Lost his last election, in 2000, with 6% of the vote.

Statements in the House

Justice May 10th, 1996

Mr. Speaker, the justice minister has made a designation and he has given us no definition of what non-violent offences are. With due respect to the member who responded to my question, he did not answer it. We are not any better informed than when I stood to ask the question.

What guarantee can the government give that the release of these offenders will not create a threat to members of society?

Justice May 10th, 1996

Mr. Speaker, according to today's newspapers the justice minister, with the support of his provincial counterparts, plans to release all first time offenders from jail. The report indicates that the minister was emphasizing non-violent offenders.

I ask the minister's representative here today what constitutes a non-violent offence? Is drug trafficking non-violent? Is breaking and entering non-violent? What about white collar crime?

Young Offenders April 19th, 1996

Mr. Speaker, the jury is in on many of the obvious reforms to the Young Offenders Act. Can the Parliamentary Secretary to Minister of Justice explain to the parents of victims why the minister under Bill C-37 reduced the parole eligibility of a young offender convicted of second degree murder from a maximum of 10 years to 7 years?

Young Offenders April 19th, 1996

Mr. Speaker, my question for the justice officials is why has the government ignored victims' pleas by refusing to publish the names of violent young offenders, abolish the minimum age of 12 for young offenders and hold parents financially responsible for children's criminal actions when appropriate?

Young Offenders April 19th, 1996

Mr. Speaker, this week the justice committee has heard heartbreaking testimony about how the Young Offenders Act has failed Canadians. The chiefs of police association said yesterday that the YOA has done more to undermine faith-

The Budget April 15th, 1996

Madam Speaker, I commend the member for her very clear message.

There are two questions I would like to ask her. The first one centres on the child support payments and the changes there. I believe those changes will cause some concern across the country. The non-custodial parents who have contacted me are very concerned about something that is not mentioned in the proposed bill that will be coming forward, their visiting rights and access rights the courts grant them and which are not lived up to by the custodial parent.

I ask the hon. member if she believes that the visiting and access rights should be linked with the child support payments.

My other question is whether the member sees a danger in the rising debt inasmuch as the interest payments that we have to make on the debt are drawing away from the revenue dollars we need to support our social programs.

The Budget April 15th, 1996

Madam Speaker, we have seen governments over the years bring forward budgets that have expressed their concern about overspending and deficit spending, yet each year the debt has grown and grown and grown. Since 1993 we have heard exactly the same kind of rhetoric, that everything is fine, we are on track, be happy and do not worry. Yet the debt has continued to grow year after year after year. The finance minister will not tell us when he believes we will stop sliding into debt. In other words, he has not set a date like many of the provinces have for a balanced budget.

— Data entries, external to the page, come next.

(* Complex scalars: an arbitrary numeric closed field C (e.g. complex R for a
   real closed field R, in particular the complex numbers). *)

Definition eigs {C : numClosedFieldType} {d : nat} (A : 'M[C]_d) : seq C :=
  sort <=%R (sval (closed_field_poly_normal (char_poly A))).

Definition capacity {C : numClosedFieldType} {d : nat} (rho H : 'M[C]_d) : C :=
  \sum_(i < d) (eigs H)`_i * ((eigs rho)`_i - (eigs rho)`_(d.-1 - i)).

Definition psdmx {C : numClosedFieldType} {d : nat} (A : 'M[C]_d) : Prop :=
  forall v : 'cV[C]_d, 0 <= ((map_mx Num.conj v)^T *m A *m v) 0 0.

Definition density {C : numClosedFieldType} {d : nat} (rho : 'M[C]_d) : Prop :=
  [/\ rho \is hermsymmx, psdmx rho & \tr rho = 1].

(* Kronecker product on C^2 (x) C^2, index (a,b) |-> 2a+b *)
Definition kron {C : numClosedFieldType} (A B : 'M[C]_2) : 'M[C]_(2 * 2) :=
  mxtens.tensmx A B.

Definition tidx (a b : 'I_2) : 'I_(2 * 2) := mxtens.mxtens_index (a, b).

Definition ptrB {C : numClosedFieldType} (rho : 'M[C]_(2 * 2)) : 'M[C]_2 :=
  \matrix_(a < 2, a' < 2) \sum_(b < 2) rho (tidx a b) (tidx a' b).
Definition ptrA {C : numClosedFieldType} (rho : 'M[C]_(2 * 2)) : 'M[C]_2 :=
  \matrix_(b < 2, b' < 2) \sum_(a < 2) rho (tidx a b) (tidx a b').

Definition mx2 {C : numClosedFieldType} (a b c d : C) : 'M[C]_2 :=
  \matrix_(i < 2, j < 2)
    if (i == 0 :> nat) then (if (j == 0 :> nat) then a else b)
    else (if (j == 0 :> nat) then c else d).

Definition sigma_x {C : numClosedFieldType} : 'M[C]_2 := mx2 0 1 1 0.
Definition sigma_y {C : numClosedFieldType} : 'M[C]_2 := mx2 0 (- 'i) 'i 0.
Definition sigma_z {C : numClosedFieldType} : 'M[C]_2 := mx2 1 0 0 (-1).
Definition I2 {C : numClosedFieldType} : 'M[C]_2 := 1%:M.

(* Let H_A = H_B = X have eigenvalues m <= M and H0 = X (x) 1 + 1 (x) X.  Then H0
   has spectrum {2m, m+M, m+M, 2M}, so C(rho; H0) = 2 (M - m) (lam_max - lam_min),
   while C(rho_A; X) = (M - m) (<u|rho_A|u> - <u'|rho_A|u'>) for an eigenframe
   u', u of rho_A, and likewise for rho_B with an eigenframe v', v.  Expanding
   both partial traces in the product frames gives
     (<u|rho_A|u> - <u'|rho_A|u'>) + (<v|rho_B|v> - <v'|rho_B|v'>)
       = 2 (<uv|rho|uv> - <u'v'|rho|u'v'>) <= 2 (lam_max - lam_min)
   by the Rayleigh bounds, hence C(rho_A; H_A) + C(rho_B; H_B) <= C(rho; H0),
   and the hypothesis C(rho; H0) <= C(rho; H) concludes.  Both choices of H0
   are of this form, with X = E (sigma_x + sigma_y) and X = E sigma_z. *)

From HB Require Import structures.
From mathcomp Require Import all_boot all_order all_algebra.
From mathcomp Require Import perm sesquilinear spectral.
From mathcomp.real_closed Require Import mxtens.
From mathcomp Require Import ring.
Import Order.TTheory GRing.Theory Num.Theory.
Local Open Scope ring_scope.
Local Open Scope sesquilinear_scope.
Set Implicit Arguments. Unset Strict Implicit. Unset Printing Implicit Defensive.

Section Spectrum.
Variable C : numClosedFieldType.

Lemma unitarymx_mulCmx n (P : 'M[C]_n) : P \is unitarymx -> P^t* *m P = 1%:M.
Proof. by move=> Pu; rewrite -invmx_unitary // mulVmx // unitarymx_unit. Qed.

Lemma hermitian_unitary_diag n (A : 'M[C]_n) : A \is hermsymmx ->
  exists (P : 'M[C]_n) (d : 'rV[C]_n),
    [/\ P \is unitarymx, d \is a realmx & A = P^t* *m diag_mx d *m P].
Proof.
move=> Ah; exists (spectralmx A), (spectral_diag A); split.
- exact: spectral_unitarymx.
- exact: hermitian_spectral_diag_real.
- rewrite -invmx_unitary ?spectral_unitarymx //.
  exact/orthomx_spectralP/hermitian_normalmx.
Qed.

Lemma char_poly_similar n (P Q B : 'M[C]_n) :
  Q *m P = 1%:M -> char_poly (Q *m B *m P) = char_poly B.
Proof.
move=> QP; rewrite /char_poly /char_poly_mx !map_mxM.
set mQ := map_mx _ Q; set mP := map_mx _ P; set mB := map_mx _ B.
have mQP : mQ *m mP = 1%:M by rewrite -map_mxM QP map_mx1.
have -> : 'X%:M - mQ *m mB *m mP = mQ *m ('X%:M - mB) *m mP.
  rewrite mulmxBr mulmxBl; congr (_ - _).
  by rewrite (scalar_mxC _ mQ) -mulmxA mQP mulmx1.
by rewrite !det_mulmx mulrAC -det_mulmx mQP det1 mul1r.
Qed.

Lemma size_eigs n (A : 'M[C]_n) : size (eigs A) = n.
Proof.
rewrite /eigs size_sort; case: closed_field_poly_normal => r /= Er.
have := size_char_poly A; rewrite Er (monicP (char_poly_monic A)) scale1r.
by rewrite size_prod_XsubC => -[].
Qed.

Definition row_seq n (d : 'rV[C]_n) : seq C := [seq d 0 i | i <- enum 'I_n].

Lemma eigs_perm_diag n (P Q : 'M[C]_n) (d : 'rV[C]_n) :
  Q *m P = 1%:M -> perm_eq (eigs (Q *m diag_mx d *m P)) (row_seq d).
Proof.
move=> QP; rewrite /eigs; case: closed_field_poly_normal => r /= Er.
rewrite perm_sort; apply: prod_XsubC_eq.
rewrite (monicP (char_poly_monic _)) scale1r char_poly_similar // in Er.
rewrite -Er char_poly_trig ?diag_mx_is_trig // /row_seq big_map big_enum /=.
by apply: eq_bigr => i _; rewrite mxE eqxx mulr1n.
Qed.

Lemma sorted_eigs_diag n (P Q : 'M[C]_n) (d : 'rV[C]_n) :
  Q *m P = 1%:M -> d \is a realmx -> sorted <=%R (eigs (Q *m diag_mx d *m P)).
Proof.
move=> QP dr; apply: (@sort_sorted_in _ (fun x => x \is Num.real)).
  by move=> x y xr yr; apply: real_leVge.
have := eigs_perm_diag d QP; rewrite perm_sort => /perm_all ->.
by apply/allP => _ /mapP [i _ ->]; apply: mxOverP.
Qed.

Lemma eigs_diag_sorted n (P Q : 'M[C]_n) (d : 'rV[C]_n) (s : seq C) :
  Q *m P = 1%:M -> d \is a realmx -> perm_eq (row_seq d) s -> sorted <=%R s ->
  eigs (Q *m diag_mx d *m P) = s.
Proof.
move=> QP dr ds s_sorted; apply: le_sorted_eq => //; first exact: sorted_eigs_diag.
by rewrite (permPl (eigs_perm_diag d QP)).
Qed.

Definition qform n (A : 'M[C]_n) (w : 'rV[C]_n) : C := (w *m A *m w^t*) 0 0.

Lemma trmxC_mul m n p (A : 'M[C]_(m, n)) (B : 'M[C]_(n, p)) :
  (A *m B)^t* = B^t* *m A^t*.
Proof. by rewrite trmx_mul map_mxM. Qed.

Lemma qform_unitary_diag n (P : 'M[C]_n) (d : 'rV[C]_n) w :
  qform (P^t* *m diag_mx d *m P) w = \sum_i d 0 i * `|(w *m P^t*) 0 i| ^+ 2.
Proof.
rewrite /qform; have -> : w *m (P^t* *m diag_mx d *m P) *m w^t* =
         w *m P^t* *m diag_mx d *m (w *m P^t*)^t*.
  by rewrite trmxC_mul trmxCK !mulmxA.
by rewrite mxE; apply: eq_bigr => i _; rewrite mul_mx_diag !mxE normCK mulrCA mulrA.
Qed.

Lemma qform_row_unitary n (P : 'M[C]_n) (d : 'rV[C]_n) i :
  P \is unitarymx -> qform (P^t* *m diag_mx d *m P) (row i P) = d 0 i.
Proof.
move=> Pu; rewrite qform_unitary_diag -row_mul (unitarymxP Pu) (bigD1 i) //=.
rewrite big1 ?addr0 => [|j ji]; first by rewrite !mxE eqxx normr1 expr1n mulr1.
by rewrite !mxE eq_sym (negbTE ji) normr0 expr0n mulr0.
Qed.

Lemma qform_unitary_diag_bounds n (P : 'M[C]_n) (d : 'rV[C]_n) w lo hi :
  P \is unitarymx -> (w *m w^t*) 0 0 = 1 -> (forall i, lo <= d 0 i <= hi) ->
  lo <= qform (P^t* *m diag_mx d *m P) w <= hi.
Proof.
move=> Pu w1 d_bounds; set z := w *m P^t*.
have z1 : \sum_i `|z 0 i| ^+ 2 = 1.
  rewrite -w1; have -> : w *m w^t* = z *m z^t*.
    by rewrite trmxC_mul trmxCK mulmxA -(mulmxA w) unitarymx_mulCmx ?mulmx1.
  by rewrite mxE; apply: eq_bigr => i _; rewrite !mxE normCK.
rewrite qform_unitary_diag -/z -[lo]mulr1 -[hi]mulr1 -z1 !mulr_sumr.
by apply/andP; split; apply: ler_sum => i _; rewrite ler_wpM2r ?exprn_ge0 //;
  case/andP: (d_bounds i).
Qed.

Lemma qform_eigs_bounds n (A : 'M[C]_n) w : A \is hermsymmx ->
  (w *m w^t*) 0 0 = 1 -> (eigs A)`_0 <= qform A w <= (eigs A)`_n.-1.
Proof.
move=> Ah w1; have [P [d [Pu dr ->]]] := hermitian_unitary_diag Ah.
have PP := unitarymx_mulCmx Pu.
have e_sorted := sorted_eigs_diag PP dr.
apply: qform_unitary_diag_bounds => // i.
have : d 0 i \in eigs (P^t* *m diag_mx d *m P).
  by rewrite (perm_mem (eigs_perm_diag d PP)); apply: map_f; rewrite mem_enum.
case/(nthP 0) => k; rewrite size_eigs => lt_kn <-.
have lt_0n : (0 < n)%N by case: (n) lt_kn.
by rewrite !(le_sorted_leq_nth 0 e_sorted) ?inE ?size_eigs ?prednK // -ltnS prednK.
Qed.

Lemma rowsub_perm_unitarymx n (s : 'S_n) (Q : 'M[C]_n) :
  Q \is unitarymx -> rowsub s Q \is unitarymx.
Proof.
move=> /unitarymxP QQ; apply/unitarymxP/matrixP => i j.
have := congr1 (fun M : 'M[C]_n => M (s i) (s j)) QQ.
rewrite !mxE (inj_eq perm_inj) => <-; apply: eq_bigr => k _; by rewrite !mxE.
Qed.

Lemma rowsub_perm_unitary_diag n (s : 'S_n) (Q : 'M[C]_n) (d : 'rV[C]_n) :
  (rowsub s Q)^t* *m diag_mx (colsub s d) *m rowsub s Q = Q^t* *m diag_mx d *m Q.
Proof.
rewrite !mul_mx_diag; apply/matrixP => i j.
rewrite !mxE [RHS](reindex_inj (@perm_inj _ s)) /=.
by apply: eq_bigr => k _; rewrite !mxE.
Qed.

Lemma hermitian2_sorted_diag (X : 'M[C]_2) : X \is hermsymmx ->
  exists (Q : 'M[C]_2) (x : 'rV[C]_2),
    [/\ Q \is unitarymx, x \is a realmx, x 0 0 <= x 0 1 & X = Q^t* *m diag_mx x *m Q].
Proof.
move=> Xh; have [P [d [Pu dr ->]]] := hermitian_unitary_diag Xh.
have d_real i : d 0 i \is Num.real by exact: mxOverP.
have [d01|d10] := boolP (d 0 0 <= d 0 1); first by exists P, d.
exists (rowsub (tperm 0 1) P), (colsub (tperm 0 1) d); split.
- exact: rowsub_perm_unitarymx.
- by apply/mxOverP => i j; rewrite mxE; apply: (mxOverP dr).
- rewrite !mxE tpermL tpermR.
  by move: (real_leVge (d_real 0) (d_real 1)); rewrite (negbTE d10).
- by rewrite rowsub_perm_unitary_diag.
Qed.

Lemma unitarymx_sum_rows n (P : 'M[C]_n) : P \is unitarymx ->
  \sum_i (row i P)^t* *m row i P = 1%:M.
Proof.
move=> Pu; rewrite -(unitarymx_mulCmx Pu); apply/matrixP => i j.
by rewrite !mxE summxE; apply: eq_bigr => k _; rewrite !mxE big_ord1 !mxE.
Qed.

Lemma unitarymx2_rows (P : 'M[C]_2) : P \is unitarymx ->
  (row 0 P)^t* *m row 0 P + (row 1 P)^t* *m row 1 P = 1%:M.
Proof.
move=> Pu; rewrite -(unitarymx_sum_rows Pu) !big_ord_recl big_ord0 addr0.
by rewrite (_ : lift ord0 ord0 = 1) //; apply: val_inj.
Qed.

Seeing as how the interest payment on our debt is the greatest threat toward our social programs, including our senior citizens programs, that enormous amount of money we have to pay on an ever rising debt which is going to amount to approximately $50 billion by 1997, which is just next year, is the government prepared to tell Canadians when it expects to balance the debt? Would the member be prepared to offer an estimation of what the debt will be when the government finally reaches a point when it is no longer overspending and borrowing, but instead living within its means? What does the hon. member think that debt and the associated financial interest payments will be?

The Budget April 15th, 1996

Mr. Speaker, I appreciate the spirit in which my hon. colleague has couched his remarks. He is a fine gentleman but I surely take issue with some of his comments.

The member talked about the seduction of governments which led us to this debt. To me that is absolute nonsense. Every family, every organizational group whether it be a church or community organization and every business in this country knows that we have to live within our means. They have done that for the last 25 years while this and previous governments have sunk this country into an enormous debt hole.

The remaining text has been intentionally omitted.